## Problem description
What do the lines say from the start of the entries through the one containing "rewrite Psi_rdiag_conj mxform_sum"? Repeat them exactly.
Start of Entries shown
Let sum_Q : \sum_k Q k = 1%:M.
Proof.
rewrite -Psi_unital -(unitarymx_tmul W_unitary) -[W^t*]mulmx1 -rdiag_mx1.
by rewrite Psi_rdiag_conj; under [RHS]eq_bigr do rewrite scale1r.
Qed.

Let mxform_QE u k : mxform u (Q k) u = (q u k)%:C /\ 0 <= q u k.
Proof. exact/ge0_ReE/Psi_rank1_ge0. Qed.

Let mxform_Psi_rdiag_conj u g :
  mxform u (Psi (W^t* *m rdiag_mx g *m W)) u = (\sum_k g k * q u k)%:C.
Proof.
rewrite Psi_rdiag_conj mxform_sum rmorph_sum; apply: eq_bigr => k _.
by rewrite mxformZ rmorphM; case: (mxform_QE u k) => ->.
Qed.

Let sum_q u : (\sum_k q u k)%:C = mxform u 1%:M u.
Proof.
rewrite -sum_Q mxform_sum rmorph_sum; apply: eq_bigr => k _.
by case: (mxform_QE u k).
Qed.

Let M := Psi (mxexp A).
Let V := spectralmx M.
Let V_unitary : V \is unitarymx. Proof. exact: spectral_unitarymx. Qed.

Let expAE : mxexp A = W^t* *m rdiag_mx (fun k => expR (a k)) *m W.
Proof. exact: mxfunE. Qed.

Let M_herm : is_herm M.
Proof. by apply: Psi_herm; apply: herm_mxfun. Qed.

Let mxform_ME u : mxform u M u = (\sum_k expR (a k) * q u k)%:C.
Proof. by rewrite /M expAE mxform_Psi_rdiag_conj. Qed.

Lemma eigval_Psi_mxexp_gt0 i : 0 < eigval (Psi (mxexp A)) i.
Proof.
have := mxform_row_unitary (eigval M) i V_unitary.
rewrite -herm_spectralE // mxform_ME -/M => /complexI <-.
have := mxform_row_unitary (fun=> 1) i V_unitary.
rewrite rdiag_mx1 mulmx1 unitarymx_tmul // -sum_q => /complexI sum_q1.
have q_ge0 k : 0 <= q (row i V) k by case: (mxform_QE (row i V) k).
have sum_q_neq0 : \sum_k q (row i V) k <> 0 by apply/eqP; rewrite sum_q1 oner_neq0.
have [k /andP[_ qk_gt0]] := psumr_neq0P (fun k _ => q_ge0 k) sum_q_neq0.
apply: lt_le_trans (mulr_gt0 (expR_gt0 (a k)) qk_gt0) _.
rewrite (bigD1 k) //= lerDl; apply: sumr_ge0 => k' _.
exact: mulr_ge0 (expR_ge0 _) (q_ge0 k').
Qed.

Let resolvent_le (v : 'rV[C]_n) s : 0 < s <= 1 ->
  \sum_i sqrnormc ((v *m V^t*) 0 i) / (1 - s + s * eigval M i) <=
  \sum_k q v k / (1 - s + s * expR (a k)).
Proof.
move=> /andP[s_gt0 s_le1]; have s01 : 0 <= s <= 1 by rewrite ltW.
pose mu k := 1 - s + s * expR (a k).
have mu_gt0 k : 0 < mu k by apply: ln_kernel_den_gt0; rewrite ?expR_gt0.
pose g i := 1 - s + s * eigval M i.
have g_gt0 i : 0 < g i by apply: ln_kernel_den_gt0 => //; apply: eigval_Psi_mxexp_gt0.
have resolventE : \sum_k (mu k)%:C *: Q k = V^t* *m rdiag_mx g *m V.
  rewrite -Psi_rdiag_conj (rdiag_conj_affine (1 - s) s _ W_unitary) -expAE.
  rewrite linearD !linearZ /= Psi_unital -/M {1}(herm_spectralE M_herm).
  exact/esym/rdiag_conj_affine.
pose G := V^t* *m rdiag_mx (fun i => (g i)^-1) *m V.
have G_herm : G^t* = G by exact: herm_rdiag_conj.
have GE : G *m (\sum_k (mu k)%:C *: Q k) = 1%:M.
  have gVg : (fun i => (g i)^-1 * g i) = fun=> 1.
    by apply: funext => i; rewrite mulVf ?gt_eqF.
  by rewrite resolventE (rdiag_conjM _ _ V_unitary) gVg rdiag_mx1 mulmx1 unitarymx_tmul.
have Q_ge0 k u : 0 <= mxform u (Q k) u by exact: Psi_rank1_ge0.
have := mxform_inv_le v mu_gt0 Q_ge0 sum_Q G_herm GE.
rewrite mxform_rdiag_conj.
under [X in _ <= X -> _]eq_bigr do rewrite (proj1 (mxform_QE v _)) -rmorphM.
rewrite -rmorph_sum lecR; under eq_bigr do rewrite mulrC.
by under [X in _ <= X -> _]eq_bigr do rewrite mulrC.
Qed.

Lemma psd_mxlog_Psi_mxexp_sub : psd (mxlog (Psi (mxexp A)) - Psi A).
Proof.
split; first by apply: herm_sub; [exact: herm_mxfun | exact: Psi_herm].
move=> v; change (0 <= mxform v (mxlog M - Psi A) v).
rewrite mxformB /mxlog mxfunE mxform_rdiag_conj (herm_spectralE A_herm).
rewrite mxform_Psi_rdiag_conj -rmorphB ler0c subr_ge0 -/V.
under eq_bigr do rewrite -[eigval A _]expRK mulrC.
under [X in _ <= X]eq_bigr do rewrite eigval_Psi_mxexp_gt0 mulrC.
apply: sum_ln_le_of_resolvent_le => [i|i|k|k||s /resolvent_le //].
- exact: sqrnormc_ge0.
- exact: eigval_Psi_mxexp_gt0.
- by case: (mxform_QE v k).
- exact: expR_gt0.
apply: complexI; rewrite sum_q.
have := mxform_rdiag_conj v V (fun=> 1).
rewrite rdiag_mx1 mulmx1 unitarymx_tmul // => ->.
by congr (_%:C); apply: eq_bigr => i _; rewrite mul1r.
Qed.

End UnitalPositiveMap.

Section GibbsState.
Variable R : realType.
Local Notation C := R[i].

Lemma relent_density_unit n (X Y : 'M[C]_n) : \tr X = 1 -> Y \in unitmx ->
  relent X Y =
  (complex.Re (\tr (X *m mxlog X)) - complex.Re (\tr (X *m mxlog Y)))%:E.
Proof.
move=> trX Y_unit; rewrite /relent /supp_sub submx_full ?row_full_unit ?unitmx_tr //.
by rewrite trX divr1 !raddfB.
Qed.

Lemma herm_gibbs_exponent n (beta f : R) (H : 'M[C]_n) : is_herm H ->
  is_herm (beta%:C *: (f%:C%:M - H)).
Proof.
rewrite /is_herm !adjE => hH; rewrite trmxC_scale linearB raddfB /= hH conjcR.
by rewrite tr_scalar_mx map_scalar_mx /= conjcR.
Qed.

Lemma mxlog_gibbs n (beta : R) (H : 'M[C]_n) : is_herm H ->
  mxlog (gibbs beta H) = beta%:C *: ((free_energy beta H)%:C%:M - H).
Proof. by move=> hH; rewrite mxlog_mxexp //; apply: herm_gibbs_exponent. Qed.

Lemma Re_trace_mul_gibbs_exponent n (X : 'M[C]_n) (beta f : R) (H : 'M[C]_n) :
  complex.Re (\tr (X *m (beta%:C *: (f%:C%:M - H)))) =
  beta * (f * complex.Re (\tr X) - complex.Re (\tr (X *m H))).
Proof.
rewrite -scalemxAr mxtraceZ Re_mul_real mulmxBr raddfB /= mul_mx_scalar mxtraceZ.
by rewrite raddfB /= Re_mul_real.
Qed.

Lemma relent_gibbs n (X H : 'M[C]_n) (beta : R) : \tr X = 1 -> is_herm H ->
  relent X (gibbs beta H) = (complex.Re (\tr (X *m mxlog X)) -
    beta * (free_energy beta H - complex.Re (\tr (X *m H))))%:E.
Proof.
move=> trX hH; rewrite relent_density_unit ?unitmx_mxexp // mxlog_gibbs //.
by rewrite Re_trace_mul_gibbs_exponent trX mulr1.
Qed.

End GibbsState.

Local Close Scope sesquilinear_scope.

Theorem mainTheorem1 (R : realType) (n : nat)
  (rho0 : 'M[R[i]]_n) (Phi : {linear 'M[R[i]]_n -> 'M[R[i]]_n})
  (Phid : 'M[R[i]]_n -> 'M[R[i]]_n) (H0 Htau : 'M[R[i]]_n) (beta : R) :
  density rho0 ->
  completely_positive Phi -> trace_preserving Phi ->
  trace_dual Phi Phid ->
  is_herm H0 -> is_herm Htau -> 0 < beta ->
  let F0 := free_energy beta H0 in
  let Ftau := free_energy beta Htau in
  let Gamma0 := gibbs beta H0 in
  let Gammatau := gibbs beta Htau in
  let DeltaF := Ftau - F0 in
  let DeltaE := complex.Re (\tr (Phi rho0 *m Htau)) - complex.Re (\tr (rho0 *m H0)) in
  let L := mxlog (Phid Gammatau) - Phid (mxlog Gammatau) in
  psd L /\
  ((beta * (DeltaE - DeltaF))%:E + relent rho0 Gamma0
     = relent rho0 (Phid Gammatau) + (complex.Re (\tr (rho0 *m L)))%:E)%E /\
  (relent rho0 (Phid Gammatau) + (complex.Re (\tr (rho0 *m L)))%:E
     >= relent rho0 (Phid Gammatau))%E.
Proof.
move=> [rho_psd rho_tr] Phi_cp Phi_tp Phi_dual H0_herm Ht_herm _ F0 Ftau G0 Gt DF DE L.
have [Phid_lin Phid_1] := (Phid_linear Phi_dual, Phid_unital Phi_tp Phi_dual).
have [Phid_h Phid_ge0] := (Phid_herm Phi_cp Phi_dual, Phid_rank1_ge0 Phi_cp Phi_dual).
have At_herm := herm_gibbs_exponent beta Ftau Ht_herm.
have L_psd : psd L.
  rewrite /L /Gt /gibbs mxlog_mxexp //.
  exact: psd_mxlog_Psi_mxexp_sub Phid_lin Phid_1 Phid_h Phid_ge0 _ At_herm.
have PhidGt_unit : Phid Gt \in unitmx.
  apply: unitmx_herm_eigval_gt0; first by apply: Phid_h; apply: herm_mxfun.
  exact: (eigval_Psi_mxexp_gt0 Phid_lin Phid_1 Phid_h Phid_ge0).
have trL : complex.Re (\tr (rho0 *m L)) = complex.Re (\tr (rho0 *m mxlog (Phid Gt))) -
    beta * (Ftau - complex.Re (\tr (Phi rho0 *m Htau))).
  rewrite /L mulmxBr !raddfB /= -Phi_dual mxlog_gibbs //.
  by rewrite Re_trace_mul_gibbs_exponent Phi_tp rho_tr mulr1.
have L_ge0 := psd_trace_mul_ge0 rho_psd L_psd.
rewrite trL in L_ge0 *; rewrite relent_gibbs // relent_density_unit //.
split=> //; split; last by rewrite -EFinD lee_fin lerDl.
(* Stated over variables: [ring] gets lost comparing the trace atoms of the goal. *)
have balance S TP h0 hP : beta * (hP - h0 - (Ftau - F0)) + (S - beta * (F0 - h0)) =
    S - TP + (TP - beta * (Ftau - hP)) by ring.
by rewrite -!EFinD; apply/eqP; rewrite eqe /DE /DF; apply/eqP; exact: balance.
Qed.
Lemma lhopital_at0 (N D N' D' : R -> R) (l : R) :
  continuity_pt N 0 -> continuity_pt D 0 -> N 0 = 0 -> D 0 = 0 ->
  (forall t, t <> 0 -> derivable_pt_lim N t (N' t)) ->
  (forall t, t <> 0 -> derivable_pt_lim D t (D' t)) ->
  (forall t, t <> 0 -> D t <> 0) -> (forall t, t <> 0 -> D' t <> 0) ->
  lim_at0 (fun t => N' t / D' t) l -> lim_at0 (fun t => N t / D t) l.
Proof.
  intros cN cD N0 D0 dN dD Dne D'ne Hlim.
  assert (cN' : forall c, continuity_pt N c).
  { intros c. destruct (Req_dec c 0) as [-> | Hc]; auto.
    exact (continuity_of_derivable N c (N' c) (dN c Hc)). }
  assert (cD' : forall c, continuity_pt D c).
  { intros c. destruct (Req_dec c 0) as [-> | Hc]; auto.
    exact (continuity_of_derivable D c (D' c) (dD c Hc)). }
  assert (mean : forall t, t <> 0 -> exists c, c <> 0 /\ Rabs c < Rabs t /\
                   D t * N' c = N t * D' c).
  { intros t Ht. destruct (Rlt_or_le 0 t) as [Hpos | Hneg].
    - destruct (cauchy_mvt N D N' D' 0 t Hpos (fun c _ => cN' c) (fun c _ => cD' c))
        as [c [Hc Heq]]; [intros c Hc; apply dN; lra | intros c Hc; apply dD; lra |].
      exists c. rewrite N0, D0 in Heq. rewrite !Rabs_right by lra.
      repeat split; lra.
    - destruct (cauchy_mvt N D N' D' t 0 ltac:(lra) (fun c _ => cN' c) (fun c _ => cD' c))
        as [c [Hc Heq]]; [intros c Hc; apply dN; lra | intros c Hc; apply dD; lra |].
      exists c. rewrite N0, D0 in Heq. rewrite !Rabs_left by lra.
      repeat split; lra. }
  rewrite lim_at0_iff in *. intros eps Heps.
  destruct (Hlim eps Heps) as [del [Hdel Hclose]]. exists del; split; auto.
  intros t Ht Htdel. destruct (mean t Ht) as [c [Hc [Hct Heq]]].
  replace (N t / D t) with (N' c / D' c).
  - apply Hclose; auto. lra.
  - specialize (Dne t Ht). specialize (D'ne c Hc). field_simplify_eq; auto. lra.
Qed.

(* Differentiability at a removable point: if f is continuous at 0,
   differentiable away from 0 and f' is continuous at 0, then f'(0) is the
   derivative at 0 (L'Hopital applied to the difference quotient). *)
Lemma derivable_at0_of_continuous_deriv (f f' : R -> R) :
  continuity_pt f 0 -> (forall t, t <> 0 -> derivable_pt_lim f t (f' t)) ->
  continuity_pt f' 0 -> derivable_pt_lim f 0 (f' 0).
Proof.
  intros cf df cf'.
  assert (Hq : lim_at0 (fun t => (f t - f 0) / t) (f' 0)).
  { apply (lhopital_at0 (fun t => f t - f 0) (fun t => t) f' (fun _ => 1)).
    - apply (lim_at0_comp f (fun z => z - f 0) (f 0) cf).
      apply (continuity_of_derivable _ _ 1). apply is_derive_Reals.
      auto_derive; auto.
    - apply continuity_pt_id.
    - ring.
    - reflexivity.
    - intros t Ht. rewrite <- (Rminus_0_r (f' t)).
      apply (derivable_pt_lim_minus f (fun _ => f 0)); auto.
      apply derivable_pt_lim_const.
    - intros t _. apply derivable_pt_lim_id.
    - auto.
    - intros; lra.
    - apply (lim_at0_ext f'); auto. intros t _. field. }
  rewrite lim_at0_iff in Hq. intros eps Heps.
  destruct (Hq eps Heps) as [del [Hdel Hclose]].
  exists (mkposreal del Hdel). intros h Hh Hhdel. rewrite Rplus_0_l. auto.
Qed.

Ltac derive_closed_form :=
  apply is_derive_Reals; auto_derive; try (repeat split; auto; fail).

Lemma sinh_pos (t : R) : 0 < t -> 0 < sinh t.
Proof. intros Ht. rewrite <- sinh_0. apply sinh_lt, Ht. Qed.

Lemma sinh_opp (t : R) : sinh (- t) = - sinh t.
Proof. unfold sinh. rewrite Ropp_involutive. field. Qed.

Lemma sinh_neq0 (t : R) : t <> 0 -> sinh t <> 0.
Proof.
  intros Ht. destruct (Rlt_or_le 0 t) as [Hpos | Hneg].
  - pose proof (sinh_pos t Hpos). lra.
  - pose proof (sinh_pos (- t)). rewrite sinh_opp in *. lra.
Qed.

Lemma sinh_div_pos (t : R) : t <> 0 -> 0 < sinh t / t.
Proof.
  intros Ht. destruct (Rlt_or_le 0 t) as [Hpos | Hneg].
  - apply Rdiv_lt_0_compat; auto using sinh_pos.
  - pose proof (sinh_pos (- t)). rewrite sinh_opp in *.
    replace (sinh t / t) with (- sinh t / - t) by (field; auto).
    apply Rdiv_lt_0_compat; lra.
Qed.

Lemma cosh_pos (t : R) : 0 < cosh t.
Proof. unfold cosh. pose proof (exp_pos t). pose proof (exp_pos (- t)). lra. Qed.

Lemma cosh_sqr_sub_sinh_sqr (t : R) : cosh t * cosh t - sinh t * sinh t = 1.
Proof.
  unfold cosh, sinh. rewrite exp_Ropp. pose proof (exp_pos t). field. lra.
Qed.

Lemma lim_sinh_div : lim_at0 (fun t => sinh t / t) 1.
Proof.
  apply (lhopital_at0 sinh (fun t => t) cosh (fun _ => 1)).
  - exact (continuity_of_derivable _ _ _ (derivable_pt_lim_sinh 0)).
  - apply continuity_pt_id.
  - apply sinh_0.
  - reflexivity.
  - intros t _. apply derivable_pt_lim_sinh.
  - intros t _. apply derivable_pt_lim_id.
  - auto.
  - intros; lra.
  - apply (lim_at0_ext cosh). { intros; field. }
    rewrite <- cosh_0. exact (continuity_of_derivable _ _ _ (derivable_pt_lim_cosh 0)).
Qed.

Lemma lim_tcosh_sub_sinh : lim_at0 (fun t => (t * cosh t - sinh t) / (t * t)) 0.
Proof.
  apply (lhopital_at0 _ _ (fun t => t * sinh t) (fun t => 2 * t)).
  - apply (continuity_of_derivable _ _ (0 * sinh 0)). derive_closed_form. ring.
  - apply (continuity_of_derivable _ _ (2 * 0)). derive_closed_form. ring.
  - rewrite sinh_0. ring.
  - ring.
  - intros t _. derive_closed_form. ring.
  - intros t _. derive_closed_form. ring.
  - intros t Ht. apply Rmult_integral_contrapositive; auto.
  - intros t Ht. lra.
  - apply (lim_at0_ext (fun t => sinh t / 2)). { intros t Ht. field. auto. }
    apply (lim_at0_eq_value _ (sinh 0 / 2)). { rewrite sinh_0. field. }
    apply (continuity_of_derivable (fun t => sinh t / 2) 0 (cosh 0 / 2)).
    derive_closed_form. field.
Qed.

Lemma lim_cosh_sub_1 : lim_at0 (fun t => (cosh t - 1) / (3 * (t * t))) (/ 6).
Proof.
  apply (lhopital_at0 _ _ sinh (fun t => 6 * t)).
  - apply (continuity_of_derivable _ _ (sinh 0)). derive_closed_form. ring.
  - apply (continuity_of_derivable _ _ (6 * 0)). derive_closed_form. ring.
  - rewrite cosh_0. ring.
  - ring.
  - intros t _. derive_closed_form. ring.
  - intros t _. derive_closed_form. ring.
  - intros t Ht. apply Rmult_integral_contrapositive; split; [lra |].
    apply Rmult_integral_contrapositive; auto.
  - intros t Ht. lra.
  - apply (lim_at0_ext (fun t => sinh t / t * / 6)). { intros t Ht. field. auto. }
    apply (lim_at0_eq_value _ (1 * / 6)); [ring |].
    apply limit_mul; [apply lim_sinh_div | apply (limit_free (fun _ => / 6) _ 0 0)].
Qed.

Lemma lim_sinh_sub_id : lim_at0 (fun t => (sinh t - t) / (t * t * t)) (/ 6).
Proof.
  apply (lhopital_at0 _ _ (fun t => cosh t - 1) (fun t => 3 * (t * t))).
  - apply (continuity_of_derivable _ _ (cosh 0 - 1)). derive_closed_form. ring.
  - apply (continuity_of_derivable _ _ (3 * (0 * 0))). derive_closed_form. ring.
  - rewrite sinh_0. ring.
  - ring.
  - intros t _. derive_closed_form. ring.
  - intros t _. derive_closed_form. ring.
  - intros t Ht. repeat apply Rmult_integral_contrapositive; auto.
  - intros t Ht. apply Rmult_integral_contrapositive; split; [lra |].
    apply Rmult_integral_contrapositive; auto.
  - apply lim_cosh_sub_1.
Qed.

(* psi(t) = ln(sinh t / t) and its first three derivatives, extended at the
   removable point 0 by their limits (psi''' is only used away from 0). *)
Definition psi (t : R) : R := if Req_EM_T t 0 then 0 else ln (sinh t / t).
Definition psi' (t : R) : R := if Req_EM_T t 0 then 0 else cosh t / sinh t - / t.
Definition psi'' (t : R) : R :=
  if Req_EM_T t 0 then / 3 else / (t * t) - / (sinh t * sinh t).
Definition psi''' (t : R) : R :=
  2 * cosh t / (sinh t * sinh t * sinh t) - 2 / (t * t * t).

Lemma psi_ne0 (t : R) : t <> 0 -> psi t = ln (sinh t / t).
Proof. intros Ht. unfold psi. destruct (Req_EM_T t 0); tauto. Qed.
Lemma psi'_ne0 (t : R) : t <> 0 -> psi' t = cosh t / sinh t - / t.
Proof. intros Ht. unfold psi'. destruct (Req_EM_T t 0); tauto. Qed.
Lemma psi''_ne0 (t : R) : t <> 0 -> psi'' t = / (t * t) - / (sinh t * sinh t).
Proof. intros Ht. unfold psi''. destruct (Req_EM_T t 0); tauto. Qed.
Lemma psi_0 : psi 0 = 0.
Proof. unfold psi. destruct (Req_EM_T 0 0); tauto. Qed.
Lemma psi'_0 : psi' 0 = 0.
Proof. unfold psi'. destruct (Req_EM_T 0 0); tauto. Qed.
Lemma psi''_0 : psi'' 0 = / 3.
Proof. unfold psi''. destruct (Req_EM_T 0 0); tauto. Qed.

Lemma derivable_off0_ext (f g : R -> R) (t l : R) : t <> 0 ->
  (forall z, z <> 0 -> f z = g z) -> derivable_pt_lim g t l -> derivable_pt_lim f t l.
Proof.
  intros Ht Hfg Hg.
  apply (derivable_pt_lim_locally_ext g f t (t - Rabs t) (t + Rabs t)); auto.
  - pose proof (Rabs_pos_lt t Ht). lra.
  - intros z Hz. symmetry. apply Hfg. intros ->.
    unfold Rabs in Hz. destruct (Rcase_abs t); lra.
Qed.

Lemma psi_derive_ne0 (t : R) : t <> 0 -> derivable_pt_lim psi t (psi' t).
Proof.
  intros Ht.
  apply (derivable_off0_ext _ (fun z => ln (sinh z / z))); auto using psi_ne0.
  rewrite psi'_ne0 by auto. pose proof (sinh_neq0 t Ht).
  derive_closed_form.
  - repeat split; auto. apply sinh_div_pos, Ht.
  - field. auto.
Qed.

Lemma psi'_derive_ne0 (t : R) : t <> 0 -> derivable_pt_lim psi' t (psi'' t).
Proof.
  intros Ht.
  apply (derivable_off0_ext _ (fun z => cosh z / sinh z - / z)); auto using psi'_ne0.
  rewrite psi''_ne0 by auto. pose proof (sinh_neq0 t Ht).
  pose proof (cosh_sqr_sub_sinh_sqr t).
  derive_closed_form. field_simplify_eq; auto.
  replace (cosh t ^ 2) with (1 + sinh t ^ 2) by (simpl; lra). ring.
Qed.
End of Entries shown
## Solution to this problem
Let sum_Q : \sum_k Q k = 1%:M.
Proof.
rewrite -Psi_unital -(unitarymx_tmul W_unitary) -[W^t*]mulmx1 -rdiag_mx1.
by rewrite Psi_rdiag_conj; under [RHS]eq_bigr do rewrite scale1r.
Qed.

Let mxform_QE u k : mxform u (Q k) u = (q u k)%:C /\ 0 <= q u k.
Proof. exact/ge0_ReE/Psi_rank1_ge0. Qed.

Let mxform_Psi_rdiag_conj u g :
  mxform u (Psi (W^t* *m rdiag_mx g *m W)) u = (\sum_k g k * q u k)%:C.
Proof.
rewrite Psi_rdiag_conj mxform_sum rmorph_sum; apply: eq_bigr => k _.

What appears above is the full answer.